*Task*. Only one stretch of the listing below is wanted. Give it again exactly, from the line with "Section Elementary." through the line with "move=> aa' ab;".

*Data shown*.
+-------+
(* Let $1\le h,t\le n$, $\mathbf j=(j_k)\in\mathbb N^n_\vartriangle$ and $A=(a_{i,j})\in\Theta^\pm_\vartriangle(n)$. The following hold in $\mathcal S_\vartriangle(n,r)_{\mathbb Q}$ for every $r\ge0$: (1) $0[\mathbf e_t,r]\,A[\mathbf j,r]=A[\mathbf j+\mathbf e_t,r]+\big(\sum_{s\in\mathbb Z}a_{t,s}\big)A[\mathbf j,r]$; (2) for $\varepsilon\in\{1,-1\}$, $$E^\vartriangle_{h,h+\varepsilon}[\mathbf 0,r]\,A[\mathbf j,r]=\sum_{i\ne h,h+\varepsilon;\ a_{h+\varepsilon,i}\ge1}(a_{h,i}+1)(A+E^\vartriangle_{h,i}-E^\vartriangle_{h+\varepsilon,i})[\mathbf j,r]+\sum_{0\le i\le j_h}(-1)^i\binom{j_h}{i}(A-E^\vartriangle_{h+\varepsilon,h})[\mathbf j+(1-i)\mathbf e_h,r]+(a_{h,h+\varepsilon}+1)\sum_{0\le i\le j_{h+\varepsilon}}\binom{j_{h+\varepsilon}}{i}(A+E^\vartriangle_{h,h+\varepsilon})[\mathbf j-i\mathbf e_{h+\varepsilon},r];$$ (3) for $m\in\mathbb Z\setminus\{0\}$, $$E^\vartriangle_{h,h+mn}[\mathbf 0,r]\,A[\mathbf j,r]=\sum_{s\notin\{h,h-mn\};\ a_{h,s}\ge1}(a_{h,s+mn}+1)(A+E^\vartriangle_{h,s+mn}-E^\vartriangle_{h,s})[\mathbf j,r]+\sum_{0\le t\le j_h}(a_{h,h+mn}+1)\binom{j_h}{t}(A+E^\vartriangle_{h,h+mn})[\mathbf j-t\mathbf e_h,r]+\sum_{0\le t\le j_h}(-1)^t\binom{j_h}{t}(A-E^\vartriangle_{h,h-mn})[\mathbf j+(1-t)\mathbf e_h,r].$$
   Context: Fix $n\ge2$. $I_\vartriangle(n,r)$ is the set of integer sequences $\mathbf i=(i_k)_{k\in\mathbb Z}$ with $i_{k+r}=i_k+n$, identified with $\mathbb Z^r$ via $(i_1,\dots,i_r)$. $\Omega_{\mathbb Q}^{\otimes r}$ is the $\mathbb Q$-space with basis $\omega_{\mathbf i}$ ($\mathbf i\in I_\vartriangle(n,r)$). The affine symmetric group $\mathfrak S_{\vartriangle,r}$ (bijections $w:\mathbb Z\to\mathbb Z$ with $w(k+r)=w(k)+r$) acts on the right by $\omega_{\mathbf i}w=\omega_{\mathbf iw}$, $(\mathbf iw)_k=i_{w(k)}$, and $\mathcal S_\vartriangle(n,r)_{\mathbb Q}=\mathrm{End}_{\mathbb Q\mathfrak S_{\vartriangle,r}}(\Omega_{\mathbb Q}^{\otimes r})$ with composition as product. $\Theta_\vartriangle(n)$ is the set of matrices $A=(a_{k,l})_{k,l\in\mathbb Z}$ over $\mathbb N$ with $a_{k+n,l+n}=a_{k,l}$ and finitely many nonzero entries in each row; $\sigma(A)=\sum_{1\le k\le n,\,l\in\mathbb Z}a_{k,l}$; $\Theta_\vartriangle(n,r)=\{A\in\Theta_\vartriangle(n)\mid\sigma(A)=r\}$; $\Theta^\pm_\vartriangle(n)$ is the set of $A\in\Theta_\vartriangle(n)$ with zero diagonal. For $\mathbf i,\mathbf j\in I_\vartriangle(n,r)$ let $M(\mathbf i,\mathbf j)=(a_{k,l})$, $a_{k,l}=|\{s\in\mathbb Z\mid i_s=k,\ j_s=l\}|$; for $A\in\Theta_\vartriangle(n,r)$, $[A]_1\in\mathcal S_\vartriangle(n,r)_{\mathbb Q}$ is the map $\omega_{\mathbf j}\mapsto\sum_{\mathbf i:\,M(\mathbf i,\mathbf j)=A}\omega_{\mathbf i}$; these form a basis. $\mathbb N^n_\vartriangle$ is the set of $n$-periodic sequences of nonnegative integers (indices read mod $n$), $\mathbf e_h$ the periodic unit vector, $\Lambda_\vartriangle(n,m)=\{\lambda\in\mathbb N^n_\vartriangle\mid\sum_{i=1}^n\lambda_i=m\}$, $\mathrm{diag}(\lambda)$ the diagonal matrix with entries $\lambda_i$, and $\lambda^{\mathbf j}=\prod_{i=1}^n\lambda_i^{j_i}$ with $0^0=1$. $E^\vartriangle_{i,j}$ is the matrix with $1$ at positions $(i+sn,j+sn)$, $s\in\mathbb Z$, and $0$ elsewhere. For $A\in\Theta^\pm_\vartriangle(n)$, $A[\mathbf j,r]=\sum_{\lambda\in\Lambda_\vartriangle(n,r-\sigma(A))}\lambda^{\mathbf j}[A+\mathrm{diag}(\lambda)]_1$ if $\sigma(A)\le r$ and $0$ otherwise; moreover $A[\mathbf j,r]:=0$ if some off-diagonal entry of $A$ is negative. $0$ denotes the zero matrix. *)

From HB Require Import structures.
From mathcomp Require Import all_boot all_order all_algebra.
From mathcomp Require Import boolp classical_sets cardinality fsbigop.

Set Implicit Arguments.
Unset Strict Implicit.
Unset Printing Implicit Defensive.
Import Order.TTheory GRing.Theory Num.Theory.
Local Open Scope ring_scope.

(* A matrix (a_{k,l})_{k,l in Z}; we allow integer entries so that A+E-E  *)
(* (possibly negative) can be formed, as in the paper.                     *)
Definition mat := int -> int -> int.
Definition nvec := int -> nat.

Definition periodic_vec (n : nat) (v : nvec) : Prop :=
  forall k : int, v (k + n%:Z) = v k.

Definition periodic_mat (n : nat) (A : mat) : Prop :=
  forall k l : int, A (k + n%:Z) (l + n%:Z) = A k l.

Definition row_finite (A : mat) : Prop :=
  forall k : int, finite_set [set l : int | A k l != 0].

Definition in_Theta_pm (n : nat) (A : mat) : Prop :=
  [/\ periodic_mat n A, row_finite A,
      (forall k l : int, 0 <= A k l) & (forall k : int, A k k = 0)].

Definition madd (A B : mat) : mat := fun k l => A k l + B k l.
Definition msub (A B : mat) : mat := fun k l => A k l - B k l.
Definition mzero : mat := fun _ _ => 0.

Definition Emat (n : nat) (a b : int) : mat := fun k l =>
  if ((n%:Z %| k - a)%Z && (k - a == l - b)) then 1 else 0.

Definition dmat (lam : nvec) : mat := fun k l =>
  if k == l then (lam k)%:Z else 0.

Definition evec (n : nat) (h : int) : nvec := fun k =>
  if (n%:Z %| k - h)%Z then 1%N else 0%N.

Definition vadd (u v : nvec) : nvec := fun k => (u k + v k)%N.
(* truncated subtraction: only used where the result is exact *)
Definition vsub (u v : nvec) : nvec := fun k => (u k - v k)%N.
Definition vscale (c : nat) (v : nvec) : nvec := fun k => (c * v k)%N.
Definition vzero : nvec := fun _ => 0%N.

Definition sigma (n : nat) (A : mat) : int :=
  \sum_(1 <= k < n.+1) \sum_(l \in [set: int]) A k%:Z l.

(* lambda^j = prod_{i=1}^n lambda_i^{j_i}  (0^0 = 1) *)
Definition vpow (n : nat) (lam j : nvec) : nat :=
  (\prod_(1 <= i < n.+1) (lam i%:Z) ^ (j i%:Z))%N.

(* An element lambda of Lambda_Delta(n,m) is encoded by its values on the
   residues 0..n-1 mod n (residue 0 standing for index n). *)
Definition lam_of (n m : nat) (f : {ffun 'I_n -> 'I_m.+1}) : nvec := fun k =>
  (\sum_(i < n | (n%:Z %| (k - (i : nat)%:Z)%R)%Z) (f i : nat))%N.

Definition in_Lambda (n m : nat) (f : {ffun 'I_n -> 'I_m.+1}) : bool :=
  (\sum_(i < n) (f i : nat))%N == m.

(* I_Delta(n,r) identified with Z^r via (i_1,...,i_r); the element         *)
(* s : 'I_r stands for the index s+1.                                      *)
Definition idx (r : nat) := {ffun 'I_r -> int}.

(* M(i,j) = (a_{k,l}), a_{k,l} = |{s in Z | i_s = k, j_s = l}|, where
   i_{s+pr} = i_s + pn.  For s' = s + p r (1<=s<=r) the pair (i_{s'},j_{s'})
   equals (k,l) iff k - i_s = l - j_s = p n; so the count is over 1<=s<=r. *)
Definition Mmat (n r : nat) (i j : idx r) : mat := fun k l =>
  (\sum_(s < r) (((n%:Z %| (k - i s)%R)%Z && ((k - i s)%R == (l - j s)%R)) : nat))%N%:Z.

(* An endomorphism of Omega^{(x)r}_Q (column-finite) is given by its matrix
   of coefficients: F i j = coefficient of omega_i in F(omega_j). *)
Definition op (r : nat) := idx r -> idx r -> rat.

Definition opadd r (F G : op r) : op r := fun i j => F i j + G i j.
Definition opscale r (c : rat) (F : op r) : op r := fun i j => c * F i j.
Definition opzero r : op r := fun _ _ => 0.
Definition opmul r (F G : op r) : op r := fun i j =>
  \sum_(k \in [set: idx r]) F i k * G k j.
Definition opsumZ r (P : set int) (F : int -> op r) : op r := fun i j =>
  \sum_(s \in P) F s i j.
Definition opsumN r (N : nat) (F : nat -> op r) : op r := fun i j =>
  \sum_(0 <= t < N.+1) F t i j.

Definition basis1 (n r : nat) (A : mat) : op r := fun i j =>
  if `[< Mmat n i j = A >] then 1 else 0.

Definition Aop (n r : nat) (A : mat) (j : nvec) : op r :=
  if `[< exists k l, A k l < 0 >] then @opzero r
  else if sigma n A <= r%:Z then
    let m := `|r%:Z - sigma n A|%N in
    fun x y => \sum_(f : {ffun 'I_n -> 'I_m.+1} | in_Lambda f)
                 (vpow n (lam_of f) j)%:R * @basis1 n r (madd A (dmat (lam_of f))) x y
  else @opzero r.

Arguments Aop n r A j : clear implicits.
Arguments basis1 n r A : clear implicits.

From HB Require Import structures.
From mathcomp Require Import all_boot all_order all_algebra.
From mathcomp Require Import boolp classical_sets cardinality fsbigop.
From mathcomp Require Import zify ring.
Import Order.TTheory GRing.Theory Num.Theory.
Local Open Scope ring_scope.
Set Implicit Arguments.
Unset Strict Implicit.

(* The coefficient of [omega_x] in [B[j, r] omega_y] is [lambda^j] when the matrix
   [M(x, y)] agrees with [B] off the diagonal, [lambda] being its diagonal, and [0]
   otherwise.  Multiplying by [E_{h,h+d}[0, r]] replaces [x] by the indices obtained
   by moving one [x_s] congruent to [h] by [d]; this transfers one unit of [M(x, y)]
   in column [c = y_s - x_s + h] from row [h] to row [h + d].  Grouping the terms by
   [c]: a column [c] outside [{h, h + d}] yields [A + E_{h,c} - E_{h+d,c}] with
   multiplicity [a_{h,c} + 1]; for [c = h] the diagonal entry [lambda_h] drops by one,
   for [c = h + d] the entry [lambda_{h+d}] grows by one, and the binomial theorem
   expands [(lambda_h - 1)^{j_h}] and [(lambda_{h+d} + 1)^{j_{h+d}}].  Formula (3) is
   the case [d = m n] after the change of variable [c = s + m n]; in (1) each
   coefficient is multiplied by the diagonal entry [lambda_t + sum_s a_{t,s}] of
   [M(x, x)].  All the data are [n]-periodic. *)

(** * Residues modulo [n] *)

Lemma dvdz_subC (d a b : int) : (d %| a - b)%Z = (d %| b - a)%Z.
Proof. by rewrite -opprB rpredN. Qed.

Lemma dvdz_subl (d a b c : int) :
  (d %| a - b)%Z -> (d %| a - c)%Z = (d %| b - c)%Z.
Proof.
move=> dab; have -> : a - c = (a - b) + (b - c) by ring.
by rewrite rpredDl.
Qed.

Section Residues.

Variable n : nat.
Hypothesis n_gt0 : (0 < n)%N.

Let n_neq0 : n%:Z != 0. Proof. by rewrite eqz_nat -lt0n. Qed.

Lemma absz_modz (k : int) : (`|(k %% n)%Z|%N)%:Z = (k %% n)%Z.
Proof. by rewrite gez0_abs // modz_ge0. Qed.

Lemma modz_ltn (k : int) : (`|(k %% n)%Z| < n)%N.
Proof. by rewrite -ltz_nat absz_modz ltz_pmod // ltz_nat. Qed.

Definition ordz (k : int) : 'I_n := Ordinal (modz_ltn k).

Lemma dvdz_ordz (i : 'I_n) (k : int) : (n%:Z %| k - i%:Z)%Z = (i == ordz k).
Proof.
rewrite -eqz_mod_dvd [(_ %% n)%Z as X in (_ == X)]modz_small; last first.
  by rewrite lez_nat ltz_nat ltn_ord.
by rewrite eq_sym -val_eqE /= -eqz_nat absz_modz.
Qed.

Definition rep1 (c : int) : nat := (ordz (c - 1)).+1.

Lemma rep1_bound (c : int) : (1 <= rep1 c <= n)%N.
Proof. exact: ltn_ord. Qed.

Lemma dvdz_rep1 (c : int) : (n%:Z %| (rep1 c)%:Z - c)%Z.
Proof.
have -> : (rep1 c)%:Z - c = ((c - 1) %% n)%Z - (c - 1).
  by rewrite /rep1 -addn1 PoszD absz_modz; ring.
by rewrite -eqz_mod_dvd modz_mod.
Qed.

Lemma dvdz_nat_range (a b : nat) : (1 <= a <= n)%N -> (1 <= b <= n)%N ->
  (n%:Z %| a%:Z - b%:Z)%Z = (a == b).
Proof.
rewrite -!lez_nat => /andP[a1 an] /andP[b1 bn].
have -> : a%:Z - b%:Z = (a%:Z - 1) - (b%:Z - 1) by ring.
rewrite -eqz_mod_dvd !modz_small; try by apply/andP; split; lia.
by rewrite -eqz_nat; apply/eqP/eqP; lia.
Qed.

Lemma sum_dvdz_rep1 (R : nmodType) (c : int) (F : nat -> R) :
  \sum_(1 <= k < n.+1) (if (n%:Z %| k%:Z - c)%Z then F k else 0) = F (rep1 c).
Proof.
rewrite (bigD1_seq (rep1 c)) ?mem_index_iota ?rep1_bound ?iota_uniq //=.
rewrite dvdz_rep1 big1_seq ?addr0 // => k /andP[kc]; rewrite mem_index_iota => kn.
case: ifP => // ck; move: kc; rewrite -dvdz_nat_range ?rep1_bound //.
by rewrite (dvdz_subl _ ck) dvdz_subC dvdz_rep1.
Qed.

Lemma big_ord_shift1 (R : Type) (idx : R) (op : Monoid.com_law idx) (g : int -> R) :
  (forall k, g (k + n%:Z) = g k) ->
  \big[op/idx]_(i < n) g i%:Z = \big[op/idx]_(1 <= k < n.+1) g k%:Z.
Proof.
move=> gn; rewrite -(big_mkord xpredT (fun i => g i%:Z)) big_ltn // big_nat_recr //=.
by rewrite Monoid.mulmC -[in X in op _ X](add0r n%:Z) gn.
Qed.

End Residues.

(** * Periodic vectors and matrices *)

Lemma periodicZ (T : Type) (d : int) (f : int -> T) :
  (forall k, f (k + d) = f k) -> forall k p, f (k + p * d) = f k.
Proof.
move=> fd k p; elim/int_rec: p k => [|p IH|p IH] k; first by rewrite mul0r addr0.
  by rewrite -addn1 PoszD mulrDl mul1r addrA fd.
rewrite -addn1 PoszD opprD mulrDl mulN1r addrA -[in RHS](IH k).
by rewrite -(fd (_ - d)) subrK.
Qed.

Lemma periodic_vec_dvdz n (j : nvec) :
  periodic_vec n j -> forall a b, (n%:Z %| a - b)%Z -> j a = j b.
Proof.
by move=> jn a b /dvdzP[p abp]; rewrite -(periodicZ jn b p) -abp addrC subrK.
Qed.

Lemma periodic_matZ n (A : mat) :
  periodic_mat n A -> forall k l (p : int), A (k + p * n%:Z) (l + p * n%:Z) = A k l.
Proof.
move=> An k l p; pose f u := A u (u - k + l).
have fn : forall u, f (u + n%:Z) = f u by move=> u; rewrite /f -[RHS]An; congr A; ring.
have := periodicZ fn k p; rewrite /f subrr add0r => <-.
by congr A; ring.
Qed.

Lemma periodic_mat_dvdz n (A : mat) : periodic_mat n A ->
  forall a b c e, (n%:Z %| a - b)%Z -> a - b = c - e -> A a c = A b e.
Proof.
move=> An a b c e /dvdzP[p abp] ace.
rewrite -(periodic_matZ An b e p) -abp; congr A; first by rewrite addrC subrK.
by rewrite ace addrC subrK.
Qed.

Lemma mat_ext (A B : mat) : (forall k l, A k l = B k l) -> A = B.
Proof. by move=> AB; apply/funext => k; apply/funext => l. Qed.

Section Elementary.

Variable n : nat.

Lemma Emat_delta (a b k l : int) : Emat n a b k l =
  if l == k - a + b then (if (n%:Z %| k - a)%Z then 1 else 0) else 0.
Proof.
rewrite /Emat; have -> : (k - a == l - b) = (l == k - a + b).
  by apply/eqP/eqP => e; [rewrite e subrK | rewrite e addrK].
by case: (l == _); rewrite ?andbT ?andbF.
Qed.

Lemma Emat_congr (a b a' b' : int) :
  (n%:Z %| a - a')%Z -> a - a' = b - b' -> Emat n a b = Emat n a' b'.
Proof.
move=> aa' ab; apply: mat_ext => k l; rewrite /Emat.
rewrite [(_ %| k - a)%Z]dvdz_subC [(_ %| k - a')%Z]dvdz_subC (dvdz_subl _ aa').
by have -> : (k - a' == l - b') = (k - a == l - b) by apply/eqP/eqP; lia.
Qed.

Lemma Emat_periodic (a b : int) : periodic_mat n (Emat n a b).
Proof.
move=> k l; rewrite /Emat.
have -> : (n%:Z %| k + n%:Z - a)%Z = (n%:Z %| k - a)%Z by rewrite addrAC rpredDr ?dvdzz.
by have -> : (k + n%:Z - a == l + n%:Z - b) = (k - a == l - b) by apply/eqP/eqP; lia.
Qed.

Lemma Emat_ge0 (a b k l : int) : 0 <= Emat n a b k l.
Proof. by rewrite /Emat; case: ifP. Qed.

Lemma Emat_at (a b : int) : Emat n a b a b = 1.
Proof. by rewrite /Emat !subrr dvdz0 eqxx. Qed.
+-------+
*Written solution*.
Section Elementary.

Variable n : nat.

Lemma Emat_delta (a b k l : int) : Emat n a b k l =
  if l == k - a + b then (if (n%:Z %| k - a)%Z then 1 else 0) else 0.
Proof.
rewrite /Emat; have -> : (k - a == l - b) = (l == k - a + b).
  by apply/eqP/eqP => e; [rewrite e subrK | rewrite e addrK].
by case: (l == _); rewrite ?andbT ?andbF.
Qed.

Lemma Emat_congr (a b a' b' : int) :
  (n%:Z %| a - a')%Z -> a - a' = b - b' -> Emat n a b = Emat n a' b'.
Proof.
move=> aa' ab; apply: mat_ext => k l; rewrite /Emat.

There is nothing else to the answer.